– Так и они!
– А их сколько?
– Человек сорок. Я не считал всех-то.
– Сорок человек – о двуконь? Мы же тридцать голов у них угнали!
Косач только развел руками: а мне почем знать?
Теперь Берест и Косач шли следом за своими врагами. Расспрашивая в весях, где русы уже проехали, скоро они выяснили немало. И Мистину, и Люта знали в лицо. Значит, Берест не ошибся, когда на переправе узнал Свенельдича-младшего. Но здесь оказался и старший! Теперь при них было лишь сорок человек – около десяти, выходит, они на Моравской дороге оставили. Но у этих сорока человек была при себе без малого сотня лошадей. Выходит, угнанных они вернули? Как это вышло? Что с Миляем, Божищами, всеми людьми? Об этом никто по пути не знал: кияне не вступали в беседы с весняками. Береста разрывало на части от беспокойства: хотелось скакать назад, чтобы узнать, как там свои, но ему же нужно добраться до Плеснеска, найти там Красилу и передать эти две клятые шкурки! «Крысы белые, белки бесхвостые, кому от них какая польза! Ну их к летуну, одно беспокойство!» – бранился он, но не смел нарушить приказ Миляя.

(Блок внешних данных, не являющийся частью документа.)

(* Let $r,a,b\in\mathbb{N}$ with $b\ge2$ and $a=b(b-1)$. Then for any $\varepsilon>0$ and any completely multiplicative functions $f_1,\ldots,f_r:\mathbb{N}\to\mathbb{S}^1$, the set $$\mathcal{A}_{a,b,a,b-1}(f_1,\ldots,f_r;\varepsilon):=\{n\in\mathbb{N}: |f_j(an+b)-f_j(an+b-1)|<\varepsilon \text{ for all } 1\le j\le r\}$$ has positive lower asymptotic density.
   Context: $\mathbb{N}=\{1,2,\dots\}$, $\mathbb{S}^1$ the unit circle; completely multiplicative means $f(mn)=f(m)f(n)$. The lower asymptotic density of $A\subseteq\mathbb{N}$ is $\underline{d}(A)=\liminf_{N\to\infty}|A\cap\{1,\dots,N\}|/N$. *)

From Stdlib Require Import Reals ClassicalEpsilon.
From Coquelicot Require Import Coquelicot.
Open Scope R_scope.

Definition completely_multiplicative (f : nat -> C) : Prop :=
  forall m n : nat, (1 <= m)%nat -> (1 <= n)%nat -> f (m * n)%nat = Cmult (f m) (f n).

Definition unit_circle_valued (f : nat -> C) : Prop :=
  forall n : nat, (1 <= n)%nat -> Cmod (f n) = 1.

Definition indic (P : nat -> Prop) (n : nat) : R :=
  if excluded_middle_informative (P n) then 1 else 0.

Fixpoint count_upto (P : nat -> Prop) (N : nat) : R :=
  match N with
  | O => 0
  | S k => count_upto P k + indic P (S k)
  end.

Definition lower_density (P : nat -> Prop) : Rbar :=
  LimInf_seq (fun N => count_upto P N / INR N).
Lemma edge_even p k a u v : a != 0 -> ~~ odd a -> edge p k a u v = (v == u %% p ^ k).
Proof.
by rewrite /edge => /negbTE-> /negbTE->; rewrite {1}(divn_eq u (p ^ k)) mulnC addKn.
Qed.

Lemma blk_odd p k a u v : odd a -> blk p k a u v = blk p k 1 u v.
Proof. by case: a => //= a oa; rewrite /blk /= oa. Qed.

Lemma blk_even p k a u v : a != 0 -> ~~ odd a -> blk p k a u v = blk p k 2 u v.
Proof. by rewrite /blk => /negbTE-> /negbTE->. Qed.

Lemma last_path_lt p k s y : is_path p k s y -> last 0 y < p ^ k.
Proof.
case/and5P=> s_gt0 /eqP size_y /allP y_range _ _.
have n_odd : odd (2 * s).-1 by case: s s_gt0 {size_y y_range} => // s _; rewrite mulnS /= oddM.
rewrite -nth_last size_y -(vrange_odd p k _ _ n_odd) y_range // mem_iota size_y; lia.
Qed.

Lemma is_path_one p k i l :
  is_path p k 1 [:: i; l] =
    [&& i < p ^ k * (p - 1), l < p ^ k & [exists t : 'I_(p - 1), i == p ^ k * t + l]].
Proof. by rewrite /is_path /is_pathV /vrange /edge /= eqxx !andbT andbA. Qed.

Lemma is_path_cat p k s y a b : size y = 2 * s -> 0 < s ->
  is_path p k s.+1 (y ++ [:: a; b]) =
    is_path p k s y &&
    [&& a < p ^ k * p, b < p ^ k, [exists c : 'I_p, a == p * last 0 y + c] & b == a %% p ^ k].
Proof.
move=> size_y s_gt0; set n := 2 * s in size_y *.
have n_gt0 : 0 < n by rewrite muln_gt0.
have odd_n1 : odd n.-1 by rewrite -subn1 oddB ?oddM.
have even_n : ~~ odd n by rewrite oddM.
have n_neq0 : n != 0 by rewrite -lt0n.
have nth_a : nth 0 (y ++ [:: a; b]) n = a by rewrite nth_cat size_y ltnn subnn.
have nth_b : nth 0 (y ++ [:: a; b]) n.+1 = b by rewrite nth_cat size_y ltnNge leqnSn subSnn.
have nth_l : nth 0 (y ++ [:: a; b]) n.-1 = last 0 y.
  by rewrite nth_cat size_y prednK // leqnn -nth_last size_y.
have nth_y i : i < n -> nth 0 (y ++ [:: a; b]) i = nth 0 y i.
  by move=> lt_in; rewrite nth_cat size_y lt_in.
have iota_n2 : iota 0 n.+2 = iota 0 n ++ [:: n; n.+1] by rewrite -addn2 iotaD.
have iota_n1 : iota 0 n.+1 = iota 0 n.-1 ++ [:: n.-1; n].
  by rewrite -[in LHS](prednK n_gt0) -addn2 iotaD /= add0n prednK.
rewrite /is_path /is_pathV last_cat size_cat size_y addn2 -pred_Sn iota_n2 iota_n1.
rewrite !all_cat /= nth_a nth_b nth_l prednK // nth_a !eqxx !andbT.
have -> : all (fun i => vrange p k i (nth 0 (y ++ [:: a; b]) i)) (iota 0 n) =
          all (fun i => vrange p k i (nth 0 y i)) (iota 0 n).
  by apply: eq_in_all => i; rewrite mem_iota => /andP[_ lt_in]; rewrite nth_y.
have -> : all (fun i => edge p k i (nth 0 (y ++ [:: a; b]) i) (nth 0 (y ++ [:: a; b]) i.+1))
            (iota 0 n.-1) =
          all (fun i => edge p k i (nth 0 y i) (nth 0 y i.+1)) (iota 0 n.-1).
  apply: eq_in_all => i; rewrite mem_iota => /andP[_ lt_in].
  by rewrite !nth_y //; lia.
rewrite s_gt0 (_ : n.+2 == 2 * s.+1) ?mulnS //=.
rewrite vrange_even // vrange_odd /= ?even_n // edge_odd // edge_even //.
by case: (all _ _); case: (all _ _); case: (a < _); case: (b < _).
Qed.

Definition descent (B B' : nat * nat) : bool := (B'.1 < B.1) && (B.2 < B'.2).

Lemma block_cat p k y z j : 0 < j <= size y -> block p k (y ++ z) j = block p k y j.
Proof.
case/andP=> j_gt0 le_jy.
have lt_j2 : j - 2 < size y by lia.
have lt_j1 : j - 1 < size y by lia.
by rewrite /block !nth_cat lt_j2 lt_j1.
Qed.
Section RadicalConjugacy.
Variables (m m' n n' : nat) (rM : A -> 'M[k]_m) (rM' : A -> 'M[k]_m')
  (rN : A -> 'M[k]_n) (rN' : A -> 'M[k]_n').
Variables (a : 'M[k]_(m, m')) (ai : 'M[k]_(m', m)) (b : 'M[k]_(n, n'))
  (bi : 'M[k]_(n', n)) (F : 'M[k]_(m, n)) (F' : 'M[k]_(m', n')).
Hypotheses (ha : is_hom rM rM' a) (hai : is_hom rM' rM ai)
  (aai : a *m ai = 1%:M) (aia : ai *m a = 1%:M)
  (hb : is_hom rN rN' b) (hbi : is_hom rN' rN bi)
  (bbi : b *m bi = 1%:M) (bib : bi *m b = 1%:M)
  (hF : is_hom rM rN F) (hF' : is_hom rM' rN' F')
  (rad : radical_hom rN' (a *m F' - F *m b)).

Let E := a *m F' - F *m b.
Let E' := ai *m F - F' *m bi.

Let hE : is_hom rM rN' E.
Proof. exact: is_homB (is_hom_mul ha hF') (is_hom_mul hF hb). Qed.

Let hE' : is_hom rM' rN E'.
Proof. exact: is_homB (is_hom_mul hai hF) (is_hom_mul hF' hbi). Qed.

Let radE' : radical_hom rN E'.
Proof.
have -> : E' = - (ai *m E *m bi).
  by rewrite /E /E' mulmxBr mulmxBl opprB !mulmxA aia mul1mx -!mulmxA bbi mulmx1.
exact/radical_homN/(radical_hom_mulr hbi)/radical_hom_mull.
Qed.

Let F'_def : F' = ai *m (F *m b + E).
Proof. by rewrite /E addrC subrK mulmxA aia mul1mx. Qed.

Let F_def : F = a *m (F' *m bi + E').
Proof. by rewrite /E' addrC subrK mulmxA aai mul1mx. Qed.

Lemma split_mono_radical_conj : split_mono rM rN F <-> split_mono rM' rN' F'.
Proof.
split=> sF; [rewrite F'_def | rewrite F_def].
  apply: (split_mono_mul (rN := rM)); first by exists a.
  by apply: split_monoD_radical => //; apply: split_mono_mul sF _; exists bi.
apply: (split_mono_mul (rN := rM')); first by exists ai.
by apply: split_monoD_radical => //; apply: split_mono_mul sF _; exists b.
Qed.

Lemma split_epi_radical_conj : split_epi rM rN F <-> split_epi rM' rN' F'.
Proof.
split=> sF; [rewrite F'_def | rewrite F_def].
  apply: (split_epi_mul (rN := rM)); first by exists a.
  by apply: split_epiD_radical => //; apply: split_epi_mul sF _; exists bi.
apply: (split_epi_mul (rN := rM')); first by exists ai.
by apply: split_epiD_radical => //; apply: split_epi_mul sF _; exists b.
Qed.

End RadicalConjugacy.

Section Complexes.
Variable J : pred int.

Lemma homotopic_radical (X Y : cplx A J) (F G : cmor X Y) n :
  homotopic F G -> radical_hom (cact Y n) (F n - G n).
Proof.
move=> [s [hs FG]]; rewrite -(subrK 1 n) FG.
apply: radical_homD; last exact/radical_hom_mull/cd_rad.
by apply: radical_hom_mulr (hs _) _; apply: cd_rad.
Qed.

Lemma iso_K_invertible (X Y : cplx A J) (a : cmor X Y) : iso_K a -> forall n,
  exists2 b : 'M_(cdim Y n, cdim X n), is_hom (cact Y n) (cact X n) b &
    a n *m b = 1%:M /\ b *m a n = 1%:M.
Proof.
move=> [[ha _] [a' [[ha' _] [aa' a'a]]]] n.
have unit_near1 m (rP : A -> 'M[k]_m) (u : 'M_m) : is_hom rP rP u ->
    radical_hom rP (u - 1%:M) -> u \in unitmx.
  move=> hu ru; rewrite -(subrK 1%:M u) addrC.
  exact/unitmx_1D_radical/ru/is_homB/is_hom1.
have u_aa' : a n *m a' n \in unitmx.
  by apply: unit_near1 (homotopic_radical aa'); apply: is_hom_mul.
have u_a'a : a' n *m a n \in unitmx.
  by apply: unit_near1 (homotopic_radical a'a); apply: is_hom_mul.
set b := a' n *m invmx (a n *m a' n).
have a'ab : a' n *m a n *m b = a' n.
  by rewrite -!mulmxA (mulmxA (a n)) mulmxV // mulmx1.
exists b; first exact/(is_hom_mul (ha' n))/is_hom_invmx/is_hom_mul/ha'/ha.
split; first by rewrite mulmxA mulmxV.
by rewrite -(mulKmx u_a'a b) a'ab -mulmxA mulVmx.
Qed.
(* Let $N\ge1$, and for a parameter vector $h=(h_\alpha,h_\beta,h_1,\dots,h_{N-1})\in\mathbb{R}^{N+1}$ consider the linear system $\dot{\mathbf x}=A(h)\mathbf x+B\delta(t)$, $y=C\mathbf x$, with $A(h)$ as in the context, $B=e_1$ and $C=e_2^T$, whose input–output behaviour is the transfer function $G_h(s)=C(sI-A(h))^{-1}B$ (equivalently the impulse response $y_h(t)=Ce^{A(h)t}B$, $t\ge0$). Then there is a Lebesgue-null set $\mathcal{Z}\subset\mathbb{R}^{N+1}$ such that for all $h,h'\notin\mathcal Z$ with known (designed) sensor couplings $h_\alpha=h'_\alpha$, $h_\beta=h'_\beta$, the equality $G_h(s)=G_{h'}(s)$ (for all $s$) implies $|h_i|=|h'_i|$ for all $i=1,\dots,N-1$. That is, the magnitudes of the chain couplings $h_1,\dots,h_{N-1}$ are uniquely determined by the measurement record of $Z_\alpha Y_\beta$ with initial state $\rho^x_\alpha\otimes\frac I2$.
   Context: For an integer $N\ge1$ and real parameters $h=(h_\alpha,h_\beta,h_1,\dots,h_{N-1})$, set $(c_1,c_2,c_3,\dots,c_{N+1})=(h_\alpha,h_\beta,h_1,\dots,h_{N-1})$ and let $A(h)$ be the real $(N+2)\times(N+2)$ tridiagonal matrix with $A_{j,j+1}=c_j$, $A_{j+1,j}=-c_j$ for $j=1,\dots,N+1$ and all other entries zero. $e_j$ denotes the $j$-th standard basis column vector. Physically, this is the Heisenberg-picture dynamics $\frac{d}{dt}\langle O\rangle=\langle \mathrm{i}[H,O]\rangle$ of the expectation vector $\mathbf x=(\langle X_\alpha\rangle,\langle Z_\alpha Y_\beta\rangle,\langle Z_\alpha Z_\beta X_1\rangle,\langle Z_\alpha Z_\beta Z_1Y_2\rangle,\dots)$ for the chain of qubits $\alpha,\beta,1,\dots,N$ with Hamiltonian $H=\frac{h_\alpha}{2}(X_\alpha X_\beta+Y_\alpha Y_\beta)+\frac{h_\beta}{2}(X_\beta X_1+Y_\beta Y_1)+\sum_{k=1}^{N-1}\frac{h_k}{2}(X_kX_{k+1}+Y_kY_{k+1})$, where $X,Y,Z$ are Pauli matrices and $\rho^x_\alpha=(I+X)/2$ on qubit $\alpha$. *)

From Stdlib Require Import Reals Lra Lia.
Open Scope R_scope.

Кое-чем их подкармливали по пути в весях, куда просились на ночлег: покон гостеприимства все помнили. Раз застрелили двух глухарей. Общипали несколько кустов зрелой лещины, так что в целом не голодали. Если не было дождя, то ехали, пока не сгущалась тьма и не прятала дорогу, и тогда устраивались возле долго тлеющего костра прямо под ветвями. Поспешали изо всех сил.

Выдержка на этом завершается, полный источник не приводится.